YOUR ASSIGNMENT>
Nothing but an exact copy is wanted: the line with "- by apply: (ore_mul_cancel" and each line after it in the data below, last line included.

DATASET RECORDS>
┏━━

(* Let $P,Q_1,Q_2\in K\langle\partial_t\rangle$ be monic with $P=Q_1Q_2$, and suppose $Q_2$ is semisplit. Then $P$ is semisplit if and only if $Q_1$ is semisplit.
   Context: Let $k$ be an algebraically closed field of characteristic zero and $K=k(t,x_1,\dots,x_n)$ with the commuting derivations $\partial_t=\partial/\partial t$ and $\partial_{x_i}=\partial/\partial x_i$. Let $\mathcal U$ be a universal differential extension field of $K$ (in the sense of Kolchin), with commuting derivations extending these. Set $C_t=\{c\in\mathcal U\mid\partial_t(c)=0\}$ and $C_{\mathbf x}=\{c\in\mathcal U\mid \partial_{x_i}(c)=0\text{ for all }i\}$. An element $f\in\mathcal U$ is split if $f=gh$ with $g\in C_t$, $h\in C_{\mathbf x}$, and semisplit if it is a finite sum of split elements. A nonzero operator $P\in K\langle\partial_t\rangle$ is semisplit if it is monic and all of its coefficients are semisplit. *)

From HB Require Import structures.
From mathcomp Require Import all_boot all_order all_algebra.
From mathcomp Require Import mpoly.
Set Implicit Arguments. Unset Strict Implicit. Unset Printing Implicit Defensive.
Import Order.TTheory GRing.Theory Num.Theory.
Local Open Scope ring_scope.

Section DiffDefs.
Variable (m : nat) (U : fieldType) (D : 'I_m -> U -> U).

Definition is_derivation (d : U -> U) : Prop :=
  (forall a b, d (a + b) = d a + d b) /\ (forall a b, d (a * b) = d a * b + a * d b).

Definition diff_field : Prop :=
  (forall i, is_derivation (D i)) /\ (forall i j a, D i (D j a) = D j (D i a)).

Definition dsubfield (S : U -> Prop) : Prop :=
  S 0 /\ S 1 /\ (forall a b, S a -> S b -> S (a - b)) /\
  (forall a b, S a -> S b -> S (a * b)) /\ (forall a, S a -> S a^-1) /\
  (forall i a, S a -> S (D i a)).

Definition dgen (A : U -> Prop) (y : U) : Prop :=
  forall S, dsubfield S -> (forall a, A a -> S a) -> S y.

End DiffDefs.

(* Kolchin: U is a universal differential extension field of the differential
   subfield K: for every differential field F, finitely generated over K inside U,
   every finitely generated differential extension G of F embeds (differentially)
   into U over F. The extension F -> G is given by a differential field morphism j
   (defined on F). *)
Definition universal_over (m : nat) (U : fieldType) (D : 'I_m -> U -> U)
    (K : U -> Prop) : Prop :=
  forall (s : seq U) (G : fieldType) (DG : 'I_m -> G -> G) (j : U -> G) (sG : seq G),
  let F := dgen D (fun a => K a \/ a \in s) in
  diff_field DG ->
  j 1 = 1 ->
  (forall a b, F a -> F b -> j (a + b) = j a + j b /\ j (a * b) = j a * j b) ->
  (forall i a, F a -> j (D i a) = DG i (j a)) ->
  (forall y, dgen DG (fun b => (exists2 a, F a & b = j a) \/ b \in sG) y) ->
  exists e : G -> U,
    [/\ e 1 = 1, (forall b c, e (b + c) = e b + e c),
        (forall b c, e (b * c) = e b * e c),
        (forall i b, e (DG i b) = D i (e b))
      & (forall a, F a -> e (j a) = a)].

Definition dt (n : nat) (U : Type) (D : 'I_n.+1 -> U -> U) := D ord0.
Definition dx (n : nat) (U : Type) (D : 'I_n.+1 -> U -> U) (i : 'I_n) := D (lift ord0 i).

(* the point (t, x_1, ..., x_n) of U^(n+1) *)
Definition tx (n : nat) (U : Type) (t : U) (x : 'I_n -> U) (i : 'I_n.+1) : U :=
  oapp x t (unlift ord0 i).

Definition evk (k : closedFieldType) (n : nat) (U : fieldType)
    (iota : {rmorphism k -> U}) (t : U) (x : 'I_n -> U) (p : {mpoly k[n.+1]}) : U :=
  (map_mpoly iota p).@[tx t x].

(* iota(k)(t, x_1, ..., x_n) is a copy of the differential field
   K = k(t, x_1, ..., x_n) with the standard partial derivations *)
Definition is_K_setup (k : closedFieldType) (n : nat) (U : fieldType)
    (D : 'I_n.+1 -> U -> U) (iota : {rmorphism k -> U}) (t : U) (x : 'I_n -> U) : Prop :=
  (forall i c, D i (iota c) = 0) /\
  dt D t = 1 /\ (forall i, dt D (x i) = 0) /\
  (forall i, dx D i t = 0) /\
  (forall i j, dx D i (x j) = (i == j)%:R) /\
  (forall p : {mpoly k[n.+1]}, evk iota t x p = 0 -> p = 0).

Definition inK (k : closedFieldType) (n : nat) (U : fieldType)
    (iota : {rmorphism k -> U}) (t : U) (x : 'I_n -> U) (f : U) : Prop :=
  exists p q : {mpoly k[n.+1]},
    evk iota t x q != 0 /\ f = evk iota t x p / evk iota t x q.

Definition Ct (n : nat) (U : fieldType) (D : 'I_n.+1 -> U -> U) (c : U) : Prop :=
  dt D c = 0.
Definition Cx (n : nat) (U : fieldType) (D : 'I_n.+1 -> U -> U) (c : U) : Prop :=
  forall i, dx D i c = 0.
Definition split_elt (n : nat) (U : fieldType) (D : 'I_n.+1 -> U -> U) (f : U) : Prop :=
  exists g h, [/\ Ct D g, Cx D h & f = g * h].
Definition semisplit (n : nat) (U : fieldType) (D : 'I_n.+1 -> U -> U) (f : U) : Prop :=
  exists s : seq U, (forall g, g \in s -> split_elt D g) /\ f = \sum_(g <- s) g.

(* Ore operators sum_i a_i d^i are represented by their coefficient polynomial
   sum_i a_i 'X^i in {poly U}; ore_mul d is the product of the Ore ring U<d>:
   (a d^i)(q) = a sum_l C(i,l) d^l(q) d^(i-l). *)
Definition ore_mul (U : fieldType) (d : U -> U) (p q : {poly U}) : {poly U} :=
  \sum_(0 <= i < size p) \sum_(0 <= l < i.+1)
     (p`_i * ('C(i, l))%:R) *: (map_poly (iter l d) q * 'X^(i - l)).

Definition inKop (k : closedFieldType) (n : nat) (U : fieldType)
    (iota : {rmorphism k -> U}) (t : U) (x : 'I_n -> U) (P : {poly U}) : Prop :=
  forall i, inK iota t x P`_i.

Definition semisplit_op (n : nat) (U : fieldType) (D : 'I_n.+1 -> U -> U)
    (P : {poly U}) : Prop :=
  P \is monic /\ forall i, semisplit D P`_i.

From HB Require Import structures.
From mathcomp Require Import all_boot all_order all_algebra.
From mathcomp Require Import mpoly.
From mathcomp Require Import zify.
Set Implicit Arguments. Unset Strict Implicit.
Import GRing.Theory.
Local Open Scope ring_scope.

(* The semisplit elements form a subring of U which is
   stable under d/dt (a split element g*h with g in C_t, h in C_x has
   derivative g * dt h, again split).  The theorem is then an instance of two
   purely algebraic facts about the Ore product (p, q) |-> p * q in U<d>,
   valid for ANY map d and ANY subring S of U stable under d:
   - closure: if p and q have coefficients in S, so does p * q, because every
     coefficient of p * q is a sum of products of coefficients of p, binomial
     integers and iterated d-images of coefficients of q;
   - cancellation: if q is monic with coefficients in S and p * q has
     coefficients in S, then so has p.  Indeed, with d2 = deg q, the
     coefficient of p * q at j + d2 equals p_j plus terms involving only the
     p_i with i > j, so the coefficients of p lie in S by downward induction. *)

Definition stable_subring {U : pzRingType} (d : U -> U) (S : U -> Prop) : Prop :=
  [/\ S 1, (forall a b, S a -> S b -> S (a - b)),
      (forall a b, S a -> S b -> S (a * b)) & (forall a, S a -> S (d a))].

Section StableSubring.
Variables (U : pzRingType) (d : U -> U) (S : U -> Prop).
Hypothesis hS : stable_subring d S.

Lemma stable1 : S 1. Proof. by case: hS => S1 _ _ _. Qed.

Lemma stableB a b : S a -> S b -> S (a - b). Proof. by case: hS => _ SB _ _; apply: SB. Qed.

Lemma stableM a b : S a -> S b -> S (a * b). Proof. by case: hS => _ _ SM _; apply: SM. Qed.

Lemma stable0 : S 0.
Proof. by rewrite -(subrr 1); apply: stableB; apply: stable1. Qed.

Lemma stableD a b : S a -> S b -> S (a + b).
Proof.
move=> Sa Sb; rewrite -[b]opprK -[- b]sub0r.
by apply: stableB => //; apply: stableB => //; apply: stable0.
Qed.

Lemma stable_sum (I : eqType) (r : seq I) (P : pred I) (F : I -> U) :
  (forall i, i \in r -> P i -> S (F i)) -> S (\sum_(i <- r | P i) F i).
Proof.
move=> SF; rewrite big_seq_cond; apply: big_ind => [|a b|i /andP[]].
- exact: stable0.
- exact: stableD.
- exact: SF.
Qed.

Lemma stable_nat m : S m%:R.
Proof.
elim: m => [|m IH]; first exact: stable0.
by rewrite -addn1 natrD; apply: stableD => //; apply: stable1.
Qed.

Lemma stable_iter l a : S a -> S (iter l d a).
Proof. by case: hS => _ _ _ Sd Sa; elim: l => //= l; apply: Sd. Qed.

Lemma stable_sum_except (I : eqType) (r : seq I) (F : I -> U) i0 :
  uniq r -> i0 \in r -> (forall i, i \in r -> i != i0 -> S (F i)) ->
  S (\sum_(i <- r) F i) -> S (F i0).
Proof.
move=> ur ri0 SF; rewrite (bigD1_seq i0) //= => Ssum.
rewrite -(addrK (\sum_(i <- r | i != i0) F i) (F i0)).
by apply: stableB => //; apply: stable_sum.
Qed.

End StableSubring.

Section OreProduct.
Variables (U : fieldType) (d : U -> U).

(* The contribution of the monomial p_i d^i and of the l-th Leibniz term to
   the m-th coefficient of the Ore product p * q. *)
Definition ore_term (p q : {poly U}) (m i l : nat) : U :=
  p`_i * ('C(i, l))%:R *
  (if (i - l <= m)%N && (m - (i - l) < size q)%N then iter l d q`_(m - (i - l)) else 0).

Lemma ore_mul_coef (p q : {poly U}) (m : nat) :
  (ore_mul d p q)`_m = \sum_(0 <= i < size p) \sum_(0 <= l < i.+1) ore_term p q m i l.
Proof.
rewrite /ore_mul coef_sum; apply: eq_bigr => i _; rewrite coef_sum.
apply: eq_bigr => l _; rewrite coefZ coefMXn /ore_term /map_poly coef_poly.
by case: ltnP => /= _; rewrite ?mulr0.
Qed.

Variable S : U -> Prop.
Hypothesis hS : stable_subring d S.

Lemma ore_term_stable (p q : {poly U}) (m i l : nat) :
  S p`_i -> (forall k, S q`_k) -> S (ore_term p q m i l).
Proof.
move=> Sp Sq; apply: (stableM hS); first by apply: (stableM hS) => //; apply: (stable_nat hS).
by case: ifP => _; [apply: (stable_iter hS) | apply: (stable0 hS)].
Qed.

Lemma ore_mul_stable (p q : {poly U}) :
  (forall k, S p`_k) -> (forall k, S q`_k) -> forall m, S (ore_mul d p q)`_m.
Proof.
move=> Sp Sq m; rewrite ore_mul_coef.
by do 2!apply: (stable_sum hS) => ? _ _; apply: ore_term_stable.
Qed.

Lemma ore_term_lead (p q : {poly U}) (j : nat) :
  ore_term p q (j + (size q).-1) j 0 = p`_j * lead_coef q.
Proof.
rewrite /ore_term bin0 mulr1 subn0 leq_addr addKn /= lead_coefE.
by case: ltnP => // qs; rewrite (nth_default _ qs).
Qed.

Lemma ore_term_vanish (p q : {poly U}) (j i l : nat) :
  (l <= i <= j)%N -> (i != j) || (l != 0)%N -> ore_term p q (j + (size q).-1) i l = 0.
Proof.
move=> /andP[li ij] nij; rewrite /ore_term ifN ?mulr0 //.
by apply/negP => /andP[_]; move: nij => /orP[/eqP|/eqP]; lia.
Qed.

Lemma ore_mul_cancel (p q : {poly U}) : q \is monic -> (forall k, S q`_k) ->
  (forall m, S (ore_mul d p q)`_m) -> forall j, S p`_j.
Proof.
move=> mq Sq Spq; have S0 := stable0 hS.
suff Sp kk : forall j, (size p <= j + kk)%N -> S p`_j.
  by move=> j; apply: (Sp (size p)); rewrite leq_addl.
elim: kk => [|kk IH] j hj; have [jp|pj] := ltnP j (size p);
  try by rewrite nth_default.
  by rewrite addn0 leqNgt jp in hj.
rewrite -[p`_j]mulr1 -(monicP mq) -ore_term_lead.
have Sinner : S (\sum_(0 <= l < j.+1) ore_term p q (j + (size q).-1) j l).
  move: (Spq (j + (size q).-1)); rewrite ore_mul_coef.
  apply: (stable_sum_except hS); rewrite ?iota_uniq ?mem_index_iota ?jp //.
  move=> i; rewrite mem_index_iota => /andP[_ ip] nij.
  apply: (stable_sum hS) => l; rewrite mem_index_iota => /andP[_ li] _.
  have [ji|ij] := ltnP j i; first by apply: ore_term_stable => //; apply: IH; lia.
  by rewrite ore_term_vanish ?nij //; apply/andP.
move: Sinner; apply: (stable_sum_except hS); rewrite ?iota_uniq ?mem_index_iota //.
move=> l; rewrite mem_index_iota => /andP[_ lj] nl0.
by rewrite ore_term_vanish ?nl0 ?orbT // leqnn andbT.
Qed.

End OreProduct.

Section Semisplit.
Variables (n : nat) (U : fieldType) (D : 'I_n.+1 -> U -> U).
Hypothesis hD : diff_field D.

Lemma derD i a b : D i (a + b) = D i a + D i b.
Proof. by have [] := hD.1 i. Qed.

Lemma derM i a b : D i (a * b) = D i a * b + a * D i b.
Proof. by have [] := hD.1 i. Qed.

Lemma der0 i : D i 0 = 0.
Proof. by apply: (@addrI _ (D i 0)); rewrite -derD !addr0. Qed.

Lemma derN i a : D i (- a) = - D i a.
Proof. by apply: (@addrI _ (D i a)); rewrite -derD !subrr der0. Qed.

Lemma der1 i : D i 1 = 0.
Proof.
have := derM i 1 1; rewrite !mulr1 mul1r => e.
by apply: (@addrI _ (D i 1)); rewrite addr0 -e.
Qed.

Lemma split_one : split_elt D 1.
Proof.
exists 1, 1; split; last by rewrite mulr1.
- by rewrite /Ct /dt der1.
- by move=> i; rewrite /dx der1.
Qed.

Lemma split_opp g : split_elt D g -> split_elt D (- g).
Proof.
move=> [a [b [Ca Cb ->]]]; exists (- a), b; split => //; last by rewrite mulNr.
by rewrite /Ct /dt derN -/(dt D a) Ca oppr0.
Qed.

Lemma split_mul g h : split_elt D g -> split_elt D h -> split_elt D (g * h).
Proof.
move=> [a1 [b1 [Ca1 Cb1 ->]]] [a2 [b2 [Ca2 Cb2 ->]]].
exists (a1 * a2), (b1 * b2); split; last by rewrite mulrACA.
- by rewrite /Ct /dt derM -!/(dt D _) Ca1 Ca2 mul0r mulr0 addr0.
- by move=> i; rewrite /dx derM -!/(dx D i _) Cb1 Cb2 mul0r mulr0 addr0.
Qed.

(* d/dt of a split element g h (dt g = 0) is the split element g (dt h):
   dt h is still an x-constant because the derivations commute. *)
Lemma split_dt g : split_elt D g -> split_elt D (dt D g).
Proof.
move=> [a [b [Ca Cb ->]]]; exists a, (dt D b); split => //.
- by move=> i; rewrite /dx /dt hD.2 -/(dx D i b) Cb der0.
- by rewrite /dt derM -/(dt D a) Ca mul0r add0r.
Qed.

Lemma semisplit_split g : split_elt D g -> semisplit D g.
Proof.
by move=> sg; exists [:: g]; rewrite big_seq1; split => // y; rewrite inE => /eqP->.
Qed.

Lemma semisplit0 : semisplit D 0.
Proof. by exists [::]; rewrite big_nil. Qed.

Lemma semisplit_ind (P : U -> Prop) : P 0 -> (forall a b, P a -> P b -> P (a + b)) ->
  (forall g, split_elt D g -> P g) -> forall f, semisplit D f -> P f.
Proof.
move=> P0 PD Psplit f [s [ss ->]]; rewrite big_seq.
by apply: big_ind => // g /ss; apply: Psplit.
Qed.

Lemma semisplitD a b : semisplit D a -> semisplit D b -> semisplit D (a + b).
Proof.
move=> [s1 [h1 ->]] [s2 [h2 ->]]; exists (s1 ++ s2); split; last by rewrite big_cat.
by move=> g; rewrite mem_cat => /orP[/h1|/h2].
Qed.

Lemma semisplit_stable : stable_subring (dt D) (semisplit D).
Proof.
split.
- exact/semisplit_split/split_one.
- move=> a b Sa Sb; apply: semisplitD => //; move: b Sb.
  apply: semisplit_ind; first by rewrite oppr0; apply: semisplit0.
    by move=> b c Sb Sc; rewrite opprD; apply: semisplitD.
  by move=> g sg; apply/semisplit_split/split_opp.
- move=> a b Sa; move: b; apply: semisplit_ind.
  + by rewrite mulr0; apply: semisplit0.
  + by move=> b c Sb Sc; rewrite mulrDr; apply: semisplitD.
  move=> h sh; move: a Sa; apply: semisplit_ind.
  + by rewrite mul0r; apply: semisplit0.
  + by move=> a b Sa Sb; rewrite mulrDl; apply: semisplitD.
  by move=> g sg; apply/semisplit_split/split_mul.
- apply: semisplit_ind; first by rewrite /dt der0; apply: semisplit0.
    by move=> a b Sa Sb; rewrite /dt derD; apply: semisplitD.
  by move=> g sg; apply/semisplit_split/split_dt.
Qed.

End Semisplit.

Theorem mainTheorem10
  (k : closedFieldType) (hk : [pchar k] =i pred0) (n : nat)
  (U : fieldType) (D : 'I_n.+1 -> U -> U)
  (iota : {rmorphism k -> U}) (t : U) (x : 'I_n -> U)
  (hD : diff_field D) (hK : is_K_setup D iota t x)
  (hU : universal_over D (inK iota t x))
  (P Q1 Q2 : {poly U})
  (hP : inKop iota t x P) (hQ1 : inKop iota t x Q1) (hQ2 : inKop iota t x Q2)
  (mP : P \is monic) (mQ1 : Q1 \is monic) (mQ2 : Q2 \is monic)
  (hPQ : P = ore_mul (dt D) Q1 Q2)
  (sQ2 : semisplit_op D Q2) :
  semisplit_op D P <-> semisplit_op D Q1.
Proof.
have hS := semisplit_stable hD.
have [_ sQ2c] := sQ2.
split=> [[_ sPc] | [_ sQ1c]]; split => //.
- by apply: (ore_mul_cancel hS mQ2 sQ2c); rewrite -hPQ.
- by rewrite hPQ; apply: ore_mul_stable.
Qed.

┗━━

SOLVED PROBLEM>
- by apply: (ore_mul_cancel hS mQ2 sQ2c); rewrite -hPQ.
- by rewrite hPQ; apply: ore_mul_stable.
Qed.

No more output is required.